If 5.1 kernel works, we may still have some chance for a fix backport to Leap 15.1.
Comment 14 Iakov Karpov 2019-07-05 15:17:45 UTC
Created attachment 809571 [details]
kernel error message

(In reply to Takashi Iwai from comment #13)
> Then it's very likely an upstream problem, as Leap 15.1 already got most of
> updates for nouveau.
> To be sure, try the 5.1.x kernel from Kernel:stable repo.  If this still
> doesn't work, continue on the upstream bug tracker, bugs.freedesktop.org.
> If 5.1 kernel works, we may still have some chance for a fix backport to
> Leap 15.1.

5.1.16 is also affected, however it's a little bit more informative (see attachment).
I've reported this upstream a year ago, but they seem to ignore it.
Comment 15 Takashi Iwai 2019-07-05 15:28:56 UTC
Just try to ping again the upstream bug tracker.  Developers are overloaded, but active reports give more chance for the attention.
Comment 16 Takashi Iwai 2020-05-15 12:06:07 UTC
Could you check whether the problem persists with Leap 15.2?  It goes to 5.3 kernel (with a bunch of backports), so we have a better chance now.
Comment 17 Iakov Karpov 2020-05-15 16:12:14 UTC
(In reply to Takashi Iwai from comment #16)
> Could you check whether the problem persists with Leap 15.2?  It goes to 5.3
> kernel (with a bunch of backports), so we have a better chance now.

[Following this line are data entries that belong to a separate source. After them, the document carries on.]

Lemma nideal_coprime m1 m2 z : coprime m1 m2 ->
  in_nideal G m1 z -> in_nideal G m2 z -> in_nideal G (m1 * m2) z.
Proof.
move=> co [b hb eb] [c hc ec]; have [u [v euv]] := Bezoutz m1 m2.
have e1 : (u * m1%:Z + v * m2%:Z)%:~R = 1 :> R by rewrite euv /gcdz /= (eqP co).
rewrite intrD !intrM -!pmulrn in e1.
exists (u%:~R * c + v%:~R * b).
  by apply: sub_add; apply: sub_mul => //; exact: in_subring_int.
by rewrite -[z]mul1r -{1}e1 mulrDl {1}ec eb natrM; ring.
Qed.

Lemma nideal_pfactors n z : (0 < n)%N -> in_subring G z ->
  (forall p, prime p -> (p %| n)%N -> in_nideal G (p ^ logn p n) z) -> in_nideal G n z.
Proof.
elim/ltn_ind: n => n IH n_gt0 hz H.
have [n_le1|n_gt1] := leqP n 1.
  have -> : n = 1%N by lia.
  by exists z; rewrite // mul1r.
have p_pr := pdiv_prime n_gt1; have p_dvd := pdiv_dvd n.
set p := pdiv n in p_pr p_dvd.
have [m co_pm en] := pfactor_coprime p_pr n_gt0.
have m_gt0 : (0 < m)%N by move: n_gt0; rewrite en muln_gt0 => /andP[].
have lt_mn : (m < n)%N.
  rewrite [X in (_ < X)%N]en ltn_Pmulr // -(expn0 p) ltn_exp2l ?prime_gt1 //.
  by rewrite logn_gt0 mem_primes p_pr n_gt0 p_dvd.
rewrite en; apply: nideal_coprime; last exact: H.
  by rewrite coprime_sym coprimeXl.
apply: IH => // r r_pr r_dvd_m.
have r_ne_p : r != p.
  by apply: contraTneq r_dvd_m => ->; rewrite -prime_coprime // coprime_sym.
have -> : logn r m = logn r n.
  rewrite en lognM // ?expn_gt0 ?prime_gt0 // lognX (logn_prime r p_pr).
  by rewrite (negbTE r_ne_p) muln0 addn0.
by apply: H => //; rewrite en dvdn_mulr.
Qed.

Lemma nidealXX m x y t : in_subring G x -> in_subring G y ->
  in_nideal G m (x - y) -> in_nideal G m (x ^+ t - y ^+ t).
Proof.
move=> hx hy hxy; rewrite subrXX; apply: nidealMr => //.
by apply: in_subring_sum => i _; apply: sub_mul; exact: in_subringX.
Qed.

I've installed 15.2 kernel on top of my 15.1, problem still persists.
Comment 18 Takashi Iwai 2020-05-15 17:02:25 UTC
It's a pity that nouveau isn't maintained well enough in many aspects.

Could you try the 5.6.y kernel?  Just to make sure.
Comment 19 Iakov Karpov 2020-05-15 17:29:37 UTC
(In reply to Takashi Iwai from comment #18)
> It's a pity that nouveau isn't maintained well enough in many aspects.
> 
> Could you try the 5.6.y kernel?  Just to make sure.

5.6.13 doesn't work either
Comment 20 Takashi Iwai 2024-03-07 14:29:29 UTC
Since this is an old distro issue, I close now as WONTFIX.
If you have the same problem with the latest openSUSE versions, please reopen.  Thanks.